→ **What to work on**
Please return each entry in the listing exactly.
□ □ □ □ □ □ □
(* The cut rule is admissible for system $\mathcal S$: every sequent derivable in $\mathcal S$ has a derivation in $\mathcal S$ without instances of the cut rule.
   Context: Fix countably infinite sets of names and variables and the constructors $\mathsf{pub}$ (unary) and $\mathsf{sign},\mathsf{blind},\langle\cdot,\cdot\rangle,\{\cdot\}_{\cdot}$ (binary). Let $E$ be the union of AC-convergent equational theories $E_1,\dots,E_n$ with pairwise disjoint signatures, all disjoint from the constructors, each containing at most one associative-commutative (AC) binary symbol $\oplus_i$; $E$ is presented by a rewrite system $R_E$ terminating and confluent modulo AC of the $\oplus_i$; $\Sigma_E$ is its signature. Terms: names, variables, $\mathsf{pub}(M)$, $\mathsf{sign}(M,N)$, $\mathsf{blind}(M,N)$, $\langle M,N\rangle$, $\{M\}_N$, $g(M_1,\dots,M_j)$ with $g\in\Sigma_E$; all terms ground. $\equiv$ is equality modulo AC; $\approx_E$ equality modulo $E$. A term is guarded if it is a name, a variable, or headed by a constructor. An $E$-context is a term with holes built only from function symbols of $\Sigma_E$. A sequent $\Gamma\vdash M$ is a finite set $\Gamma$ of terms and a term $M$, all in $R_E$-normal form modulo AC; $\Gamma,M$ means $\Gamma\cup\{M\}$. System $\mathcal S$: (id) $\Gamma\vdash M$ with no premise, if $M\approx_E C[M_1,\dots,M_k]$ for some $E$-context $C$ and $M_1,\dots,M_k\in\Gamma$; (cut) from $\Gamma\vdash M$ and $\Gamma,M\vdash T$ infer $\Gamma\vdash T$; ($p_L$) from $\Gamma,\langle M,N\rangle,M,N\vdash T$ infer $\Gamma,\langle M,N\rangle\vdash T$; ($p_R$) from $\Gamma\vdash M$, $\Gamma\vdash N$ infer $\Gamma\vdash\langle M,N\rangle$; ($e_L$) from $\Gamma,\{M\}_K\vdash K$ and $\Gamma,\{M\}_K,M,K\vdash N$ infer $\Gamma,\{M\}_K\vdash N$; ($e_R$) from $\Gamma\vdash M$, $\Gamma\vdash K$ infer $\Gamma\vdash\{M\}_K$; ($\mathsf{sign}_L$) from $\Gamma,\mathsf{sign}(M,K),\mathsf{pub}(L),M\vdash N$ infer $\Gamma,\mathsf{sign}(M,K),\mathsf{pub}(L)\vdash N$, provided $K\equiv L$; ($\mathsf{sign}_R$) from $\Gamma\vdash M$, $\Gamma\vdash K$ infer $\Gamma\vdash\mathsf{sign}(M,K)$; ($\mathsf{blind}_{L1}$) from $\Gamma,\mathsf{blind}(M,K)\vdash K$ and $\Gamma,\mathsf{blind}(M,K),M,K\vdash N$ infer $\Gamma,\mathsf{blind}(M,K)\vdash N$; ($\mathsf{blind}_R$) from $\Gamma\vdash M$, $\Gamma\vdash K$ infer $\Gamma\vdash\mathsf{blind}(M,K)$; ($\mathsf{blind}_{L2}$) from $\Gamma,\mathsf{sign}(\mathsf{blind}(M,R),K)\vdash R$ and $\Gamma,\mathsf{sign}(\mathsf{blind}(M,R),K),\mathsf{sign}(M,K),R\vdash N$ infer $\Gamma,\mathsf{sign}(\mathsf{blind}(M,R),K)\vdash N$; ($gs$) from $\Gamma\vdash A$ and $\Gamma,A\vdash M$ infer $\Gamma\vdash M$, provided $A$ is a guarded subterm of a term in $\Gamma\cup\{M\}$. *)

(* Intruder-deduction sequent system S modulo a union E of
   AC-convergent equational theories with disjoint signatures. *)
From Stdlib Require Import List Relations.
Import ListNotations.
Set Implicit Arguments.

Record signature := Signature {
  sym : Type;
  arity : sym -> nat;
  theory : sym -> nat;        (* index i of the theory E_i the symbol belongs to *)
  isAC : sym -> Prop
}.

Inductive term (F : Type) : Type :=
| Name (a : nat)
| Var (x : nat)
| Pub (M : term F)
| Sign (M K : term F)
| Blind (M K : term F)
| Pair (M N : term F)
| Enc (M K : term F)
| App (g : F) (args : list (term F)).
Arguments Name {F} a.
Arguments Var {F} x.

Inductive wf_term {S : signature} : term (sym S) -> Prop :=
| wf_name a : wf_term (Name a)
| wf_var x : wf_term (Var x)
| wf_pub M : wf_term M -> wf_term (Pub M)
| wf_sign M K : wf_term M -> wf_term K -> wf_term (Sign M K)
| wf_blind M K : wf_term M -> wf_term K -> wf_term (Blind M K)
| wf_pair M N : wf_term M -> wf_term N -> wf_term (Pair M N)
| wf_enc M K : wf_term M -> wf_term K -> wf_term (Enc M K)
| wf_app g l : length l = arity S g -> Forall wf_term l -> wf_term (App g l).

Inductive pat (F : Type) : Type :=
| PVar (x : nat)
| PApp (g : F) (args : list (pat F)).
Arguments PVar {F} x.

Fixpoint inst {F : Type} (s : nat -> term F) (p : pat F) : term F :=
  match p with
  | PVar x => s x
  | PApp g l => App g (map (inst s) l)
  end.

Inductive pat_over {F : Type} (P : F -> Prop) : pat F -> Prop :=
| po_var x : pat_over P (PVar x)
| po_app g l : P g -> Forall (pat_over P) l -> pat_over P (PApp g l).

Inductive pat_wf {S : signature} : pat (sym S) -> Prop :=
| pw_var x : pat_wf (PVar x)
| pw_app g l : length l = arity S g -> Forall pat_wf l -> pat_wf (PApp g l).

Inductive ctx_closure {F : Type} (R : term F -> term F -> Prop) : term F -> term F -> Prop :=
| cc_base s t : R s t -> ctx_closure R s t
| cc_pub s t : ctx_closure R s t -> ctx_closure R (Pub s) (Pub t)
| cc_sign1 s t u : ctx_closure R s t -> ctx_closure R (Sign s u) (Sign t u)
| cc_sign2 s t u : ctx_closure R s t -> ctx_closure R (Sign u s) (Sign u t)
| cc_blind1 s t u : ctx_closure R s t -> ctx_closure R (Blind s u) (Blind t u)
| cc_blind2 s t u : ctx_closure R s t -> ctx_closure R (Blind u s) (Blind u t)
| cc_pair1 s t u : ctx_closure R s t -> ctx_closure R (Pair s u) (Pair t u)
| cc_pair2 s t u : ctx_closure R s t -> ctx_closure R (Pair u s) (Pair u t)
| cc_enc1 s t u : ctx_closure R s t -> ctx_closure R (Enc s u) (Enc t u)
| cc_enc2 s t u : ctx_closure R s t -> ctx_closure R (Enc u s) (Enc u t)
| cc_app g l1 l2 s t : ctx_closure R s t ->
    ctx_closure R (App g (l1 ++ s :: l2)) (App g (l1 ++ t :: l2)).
□ □ □ □ □ □ □
→ **Completed task**
(* The cut rule is admissible for system $\mathcal S$: every sequent derivable in $\mathcal S$ has a derivation in $\mathcal S$ without instances of the cut rule.
   Context: Fix countably infinite sets of names and variables and the constructors $\mathsf{pub}$ (unary) and $\mathsf{sign},\mathsf{blind},\langle\cdot,\cdot\rangle,\{\cdot\}_{\cdot}$ (binary). Let $E$ be the union of AC-convergent equational theories $E_1,\dots,E_n$ with pairwise disjoint signatures, all disjoint from the constructors, each containing at most one associative-commutative (AC) binary symbol $\oplus_i$; $E$ is presented by a rewrite system $R_E$ terminating and confluent modulo AC of the $\oplus_i$; $\Sigma_E$ is its signature. Terms: names, variables, $\mathsf{pub}(M)$, $\mathsf{sign}(M,N)$, $\mathsf{blind}(M,N)$, $\langle M,N\rangle$, $\{M\}_N$, $g(M_1,\dots,M_j)$ with $g\in\Sigma_E$; all terms ground. $\equiv$ is equality modulo AC; $\approx_E$ equality modulo $E$. A term is guarded if it is a name, a variable, or headed by a constructor. An $E$-context is a term with holes built only from function symbols of $\Sigma_E$. A sequent $\Gamma\vdash M$ is a finite set $\Gamma$ of terms and a term $M$, all in $R_E$-normal form modulo AC; $\Gamma,M$ means $\Gamma\cup\{M\}$. System $\mathcal S$: (id) $\Gamma\vdash M$ with no premise, if $M\approx_E C[M_1,\dots,M_k]$ for some $E$-context $C$ and $M_1,\dots,M_k\in\Gamma$; (cut) from $\Gamma\vdash M$ and $\Gamma,M\vdash T$ infer $\Gamma\vdash T$; ($p_L$) from $\Gamma,\langle M,N\rangle,M,N\vdash T$ infer $\Gamma,\langle M,N\rangle\vdash T$; ($p_R$) from $\Gamma\vdash M$, $\Gamma\vdash N$ infer $\Gamma\vdash\langle M,N\rangle$; ($e_L$) from $\Gamma,\{M\}_K\vdash K$ and $\Gamma,\{M\}_K,M,K\vdash N$ infer $\Gamma,\{M\}_K\vdash N$; ($e_R$) from $\Gamma\vdash M$, $\Gamma\vdash K$ infer $\Gamma\vdash\{M\}_K$; ($\mathsf{sign}_L$) from $\Gamma,\mathsf{sign}(M,K),\mathsf{pub}(L),M\vdash N$ infer $\Gamma,\mathsf{sign}(M,K),\mathsf{pub}(L)\vdash N$, provided $K\equiv L$; ($\mathsf{sign}_R$) from $\Gamma\vdash M$, $\Gamma\vdash K$ infer $\Gamma\vdash\mathsf{sign}(M,K)$; ($\mathsf{blind}_{L1}$) from $\Gamma,\mathsf{blind}(M,K)\vdash K$ and $\Gamma,\mathsf{blind}(M,K),M,K\vdash N$ infer $\Gamma,\mathsf{blind}(M,K)\vdash N$; ($\mathsf{blind}_R$) from $\Gamma\vdash M$, $\Gamma\vdash K$ infer $\Gamma\vdash\mathsf{blind}(M,K)$; ($\mathsf{blind}_{L2}$) from $\Gamma,\mathsf{sign}(\mathsf{blind}(M,R),K)\vdash R$ and $\Gamma,\mathsf{sign}(\mathsf{blind}(M,R),K),\mathsf{sign}(M,K),R\vdash N$ infer $\Gamma,\mathsf{sign}(\mathsf{blind}(M,R),K)\vdash N$; ($gs$) from $\Gamma\vdash A$ and $\Gamma,A\vdash M$ infer $\Gamma\vdash M$, provided $A$ is a guarded subterm of a term in $\Gamma\cup\{M\}$. *)

(* Intruder-deduction sequent system S modulo a union E of
   AC-convergent equational theories with disjoint signatures. *)
From Stdlib Require Import List Relations.
Import ListNotations.
Set Implicit Arguments.

Record signature := Signature {
  sym : Type;
  arity : sym -> nat;
  theory : sym -> nat;        (* index i of the theory E_i the symbol belongs to *)
  isAC : sym -> Prop
}.

Inductive term (F : Type) : Type :=
| Name (a : nat)
| Var (x : nat)
| Pub (M : term F)
| Sign (M K : term F)
| Blind (M K : term F)
| Pair (M N : term F)
| Enc (M K : term F)
| App (g : F) (args : list (term F)).
Arguments Name {F} a.
Arguments Var {F} x.

Inductive wf_term {S : signature} : term (sym S) -> Prop :=
| wf_name a : wf_term (Name a)
| wf_var x : wf_term (Var x)
| wf_pub M : wf_term M -> wf_term (Pub M)
| wf_sign M K : wf_term M -> wf_term K -> wf_term (Sign M K)
| wf_blind M K : wf_term M -> wf_term K -> wf_term (Blind M K)
| wf_pair M N : wf_term M -> wf_term N -> wf_term (Pair M N)
| wf_enc M K : wf_term M -> wf_term K -> wf_term (Enc M K)
| wf_app g l : length l = arity S g -> Forall wf_term l -> wf_term (App g l).

Inductive pat (F : Type) : Type :=
| PVar (x : nat)
| PApp (g : F) (args : list (pat F)).
Arguments PVar {F} x.

Fixpoint inst {F : Type} (s : nat -> term F) (p : pat F) : term F :=
  match p with
  | PVar x => s x
  | PApp g l => App g (map (inst s) l)
  end.

Inductive pat_over {F : Type} (P : F -> Prop) : pat F -> Prop :=
| po_var x : pat_over P (PVar x)
| po_app g l : P g -> Forall (pat_over P) l -> pat_over P (PApp g l).

Inductive pat_wf {S : signature} : pat (sym S) -> Prop :=
| pw_var x : pat_wf (PVar x)
| pw_app g l : length l = arity S g -> Forall pat_wf l -> pat_wf (PApp g l).

Inductive ctx_closure {F : Type} (R : term F -> term F -> Prop) : term F -> term F -> Prop :=
| cc_base s t : R s t -> ctx_closure R s t
| cc_pub s t : ctx_closure R s t -> ctx_closure R (Pub s) (Pub t)
| cc_sign1 s t u : ctx_closure R s t -> ctx_closure R (Sign s u) (Sign t u)
| cc_sign2 s t u : ctx_closure R s t -> ctx_closure R (Sign u s) (Sign u t)
| cc_blind1 s t u : ctx_closure R s t -> ctx_closure R (Blind s u) (Blind t u)
| cc_blind2 s t u : ctx_closure R s t -> ctx_closure R (Blind u s) (Blind u t)
| cc_pair1 s t u : ctx_closure R s t -> ctx_closure R (Pair s u) (Pair t u)
| cc_pair2 s t u : ctx_closure R s t -> ctx_closure R (Pair u s) (Pair u t)
| cc_enc1 s t u : ctx_closure R s t -> ctx_closure R (Enc s u) (Enc t u)
| cc_enc2 s t u : ctx_closure R s t -> ctx_closure R (Enc u s) (Enc u t)
| cc_app g l1 l2 s t : ctx_closure R s t ->
    ctx_closure R (App g (l1 ++ s :: l2)) (App g (l1 ++ t :: l2)).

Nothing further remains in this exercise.